- **TASK GOAL**
Wherever the string "qadd" appears in the records, return the line that holds it.

- **ENTRIES SUPPLIED**
(* Let $R$ be the right shift on $\ell^2_{\mathbb{H}}(\mathbb{Z})$ defined by $R(x)=y$ with $y_i=x_{i+1}$ for $i\neq-1$ and $y_{-1}=0$. Then $\partial\sigma_S(R)$ is properly contained in $B_{S,\partial}(R)$.
   Context: $\mathbb{H}$ denotes the quaternions, $Re(q)$ the real part and $|q|$ the norm. $\ell^2_{\mathbb{H}}(\mathbb{Z})=\{x:\mathbb{Z}\to\mathbb{H}:\sum_i|x_i|^2<\infty\}$ is a right quaternionic Hilbert space with $xa=(x_ia)_i$ and $\langle x,y\rangle=\sum_i\overline{x_i}y_i$, equipped with the left multiplication induced by the standard Hilbert basis, i.e. $qx=(qx_i)_i$. $\mathcal{B}=\mathcal{B}(\ell^2_{\mathbb{H}}(\mathbb{Z}))$ (bounded right linear operators with $(qT)x=q(Tx)$, $(Tq)x=T(qx)$, composition, operator norm) is a quaternionic two-sided Banach algebra with unit $\mathbb{I}$, with invertible group $\mathcal{B}^{-1}$. For $T\in\mathcal{B}$, $R_q(T)=T^2-2Re(q)T+|q|^2\mathbb{I}$; $\sigma_S(T)=\{q\in\mathbb{H}:R_q(T)\notin\mathcal{B}^{-1}\}$ with boundary $\partial\sigma_S(T)$ in $\mathbb{H}$; the boundary S-spectrum is $B_{S,\partial}(T)=\{q\in\mathbb{H}:R_q(T)\in\partial(\mathcal{B}\setminus\mathcal{B}^{-1})\}$, where $\partial$ is the topological boundary in $\mathcal{B}$ for the operator norm. *)

From Stdlib Require Import Reals ZArith.
From Coquelicot Require Import Coquelicot.
Open Scope R_scope.

Record quat := Quat { qre : R; qi : R; qj : R; qk : R }.

Definition qadd (p q : quat) : quat :=
  Quat (qre p + qre q) (qi p + qi q) (qj p + qj q) (qk p + qk q).
Definition qopp (p : quat) : quat := Quat (- qre p) (- qi p) (- qj p) (- qk p).
Definition qsub (p q : quat) : quat := qadd p (qopp q).
Definition qzero : quat := Quat 0 0 0 0.
Definition qreal (r : R) : quat := Quat r 0 0 0.
Definition qmul (p q : quat) : quat :=
  Quat (qre p * qre q - qi p * qi q - qj p * qj q - qk p * qk q)
       (qre p * qi q + qi p * qre q + qj p * qk q - qk p * qj q)
       (qre p * qj q - qi p * qk q + qj p * qre q + qk p * qi q)
       (qre p * qk q + qi p * qj q - qj p * qi q + qk p * qre q).
Definition qnorm2 (q : quat) : R := qre q ^ 2 + qi q ^ 2 + qj q ^ 2 + qk q ^ 2.
Definition qnorm (q : quat) : R := sqrt (qnorm2 q).
Definition Req (q : quat) : R := qre q.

- **OUTPUT FOR THIS EXERCISE**
Definition qadd (p q : quat) : quat :=
Definition qsub (p q : quat) : quat := qadd p (qopp q).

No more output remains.